▸ **Your objective**:
The data below holds a line containing "by apply: filterS => z ->." and a line containing "forall n, exists k"; please quote exactly those two lines and every line between them, and nothing else.

Dataset extract Block Start

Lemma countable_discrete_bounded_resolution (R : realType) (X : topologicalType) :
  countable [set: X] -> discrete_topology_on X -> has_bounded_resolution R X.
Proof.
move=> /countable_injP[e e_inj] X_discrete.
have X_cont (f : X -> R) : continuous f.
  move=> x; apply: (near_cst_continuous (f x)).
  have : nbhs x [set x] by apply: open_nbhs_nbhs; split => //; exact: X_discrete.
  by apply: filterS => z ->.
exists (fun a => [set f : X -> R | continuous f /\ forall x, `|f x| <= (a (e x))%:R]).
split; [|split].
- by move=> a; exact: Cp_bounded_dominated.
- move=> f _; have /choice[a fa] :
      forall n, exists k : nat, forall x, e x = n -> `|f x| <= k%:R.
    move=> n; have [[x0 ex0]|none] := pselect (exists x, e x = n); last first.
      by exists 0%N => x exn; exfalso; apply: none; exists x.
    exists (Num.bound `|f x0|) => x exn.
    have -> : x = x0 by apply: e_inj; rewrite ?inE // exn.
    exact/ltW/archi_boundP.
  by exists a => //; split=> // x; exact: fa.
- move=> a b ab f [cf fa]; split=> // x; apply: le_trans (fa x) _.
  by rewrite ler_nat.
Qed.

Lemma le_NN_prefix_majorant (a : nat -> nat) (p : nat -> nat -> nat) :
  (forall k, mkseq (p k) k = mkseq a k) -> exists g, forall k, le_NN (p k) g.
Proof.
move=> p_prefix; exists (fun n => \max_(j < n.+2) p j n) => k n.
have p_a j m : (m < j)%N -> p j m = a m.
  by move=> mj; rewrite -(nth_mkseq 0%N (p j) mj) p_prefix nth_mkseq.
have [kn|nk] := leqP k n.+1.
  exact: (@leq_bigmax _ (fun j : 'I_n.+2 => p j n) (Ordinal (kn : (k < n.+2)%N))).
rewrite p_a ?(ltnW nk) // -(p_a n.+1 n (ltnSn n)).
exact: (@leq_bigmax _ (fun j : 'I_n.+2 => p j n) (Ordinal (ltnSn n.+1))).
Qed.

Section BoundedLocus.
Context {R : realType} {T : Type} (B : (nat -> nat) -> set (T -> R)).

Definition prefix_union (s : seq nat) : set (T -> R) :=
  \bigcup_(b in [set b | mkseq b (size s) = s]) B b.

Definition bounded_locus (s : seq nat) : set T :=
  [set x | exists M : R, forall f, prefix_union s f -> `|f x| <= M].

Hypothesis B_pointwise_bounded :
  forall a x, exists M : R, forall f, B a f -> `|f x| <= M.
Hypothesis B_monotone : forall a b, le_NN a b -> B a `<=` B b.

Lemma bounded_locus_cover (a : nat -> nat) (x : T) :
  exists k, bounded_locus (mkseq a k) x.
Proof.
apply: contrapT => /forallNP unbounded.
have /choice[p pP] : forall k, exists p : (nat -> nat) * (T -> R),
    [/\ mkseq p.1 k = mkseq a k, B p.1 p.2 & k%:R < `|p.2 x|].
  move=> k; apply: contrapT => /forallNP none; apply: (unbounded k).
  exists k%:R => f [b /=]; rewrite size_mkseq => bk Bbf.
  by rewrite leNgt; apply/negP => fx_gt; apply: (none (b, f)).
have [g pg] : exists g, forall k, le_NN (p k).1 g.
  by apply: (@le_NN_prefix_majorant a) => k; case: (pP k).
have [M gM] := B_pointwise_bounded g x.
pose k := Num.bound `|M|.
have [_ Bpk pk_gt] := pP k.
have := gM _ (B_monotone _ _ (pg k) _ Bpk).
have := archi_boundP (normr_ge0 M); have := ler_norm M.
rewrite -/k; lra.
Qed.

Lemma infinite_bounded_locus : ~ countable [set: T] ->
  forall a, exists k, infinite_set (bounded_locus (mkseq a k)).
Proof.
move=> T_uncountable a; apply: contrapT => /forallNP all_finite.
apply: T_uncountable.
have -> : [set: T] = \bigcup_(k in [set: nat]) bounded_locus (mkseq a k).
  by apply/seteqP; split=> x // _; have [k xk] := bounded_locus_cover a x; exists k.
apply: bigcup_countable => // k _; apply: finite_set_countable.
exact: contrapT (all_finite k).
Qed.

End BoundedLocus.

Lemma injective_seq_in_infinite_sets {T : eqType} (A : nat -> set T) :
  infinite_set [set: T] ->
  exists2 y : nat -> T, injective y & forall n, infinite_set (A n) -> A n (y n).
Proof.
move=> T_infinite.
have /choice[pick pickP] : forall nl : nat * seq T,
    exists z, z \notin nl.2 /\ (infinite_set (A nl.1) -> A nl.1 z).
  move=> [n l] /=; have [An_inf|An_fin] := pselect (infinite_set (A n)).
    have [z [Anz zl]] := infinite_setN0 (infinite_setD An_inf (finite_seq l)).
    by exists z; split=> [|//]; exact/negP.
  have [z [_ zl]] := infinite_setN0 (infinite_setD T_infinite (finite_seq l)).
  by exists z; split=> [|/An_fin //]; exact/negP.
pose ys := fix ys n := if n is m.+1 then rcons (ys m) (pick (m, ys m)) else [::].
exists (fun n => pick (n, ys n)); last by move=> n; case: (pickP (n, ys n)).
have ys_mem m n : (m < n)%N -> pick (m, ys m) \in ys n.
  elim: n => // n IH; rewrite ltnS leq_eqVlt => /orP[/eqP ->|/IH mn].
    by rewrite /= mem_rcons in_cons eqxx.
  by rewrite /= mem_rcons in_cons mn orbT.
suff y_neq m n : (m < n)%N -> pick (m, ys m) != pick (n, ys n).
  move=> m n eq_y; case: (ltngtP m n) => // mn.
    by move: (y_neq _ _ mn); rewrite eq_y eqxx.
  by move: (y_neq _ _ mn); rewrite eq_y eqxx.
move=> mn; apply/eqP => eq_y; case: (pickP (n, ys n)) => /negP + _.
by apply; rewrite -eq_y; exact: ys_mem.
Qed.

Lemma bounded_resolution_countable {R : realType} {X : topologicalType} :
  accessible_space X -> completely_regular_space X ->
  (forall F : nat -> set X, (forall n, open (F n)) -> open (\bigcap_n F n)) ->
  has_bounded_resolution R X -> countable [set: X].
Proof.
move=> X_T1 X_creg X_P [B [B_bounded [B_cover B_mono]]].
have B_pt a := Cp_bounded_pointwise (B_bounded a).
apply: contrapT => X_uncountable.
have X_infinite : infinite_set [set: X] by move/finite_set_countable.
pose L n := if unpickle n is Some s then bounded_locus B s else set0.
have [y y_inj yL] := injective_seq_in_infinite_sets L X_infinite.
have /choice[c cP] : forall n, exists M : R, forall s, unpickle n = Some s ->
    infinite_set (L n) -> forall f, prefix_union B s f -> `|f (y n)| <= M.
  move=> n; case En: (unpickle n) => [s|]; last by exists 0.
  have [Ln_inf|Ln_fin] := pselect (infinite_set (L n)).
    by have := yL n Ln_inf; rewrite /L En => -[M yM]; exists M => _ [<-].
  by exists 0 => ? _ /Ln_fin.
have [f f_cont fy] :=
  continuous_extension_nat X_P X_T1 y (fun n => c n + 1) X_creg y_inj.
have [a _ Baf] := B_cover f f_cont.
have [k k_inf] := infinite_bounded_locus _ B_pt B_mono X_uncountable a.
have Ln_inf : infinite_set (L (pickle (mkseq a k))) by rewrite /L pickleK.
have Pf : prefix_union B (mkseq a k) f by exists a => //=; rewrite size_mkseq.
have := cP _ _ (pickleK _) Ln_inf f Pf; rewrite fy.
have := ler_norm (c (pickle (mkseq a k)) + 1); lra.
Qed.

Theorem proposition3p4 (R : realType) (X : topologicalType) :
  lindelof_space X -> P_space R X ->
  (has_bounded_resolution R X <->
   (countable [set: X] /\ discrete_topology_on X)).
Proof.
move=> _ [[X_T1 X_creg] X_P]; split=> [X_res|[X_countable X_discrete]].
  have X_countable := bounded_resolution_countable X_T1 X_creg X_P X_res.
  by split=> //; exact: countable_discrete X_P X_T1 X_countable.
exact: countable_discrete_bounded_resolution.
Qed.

Dataset extract Block End

▸ **Reply to the exercise**:
  by apply: filterS => z ->.
exists (fun a => [set f : X -> R | continuous f /\ forall x, `|f x| <= (a (e x))%:R]).
split; [|split].
- by move=> a; exact: Cp_bounded_dominated.
- move=> f _; have /choice[a fa] :
      forall n, exists k : nat, forall x, e x = n -> `|f x| <= k%:R.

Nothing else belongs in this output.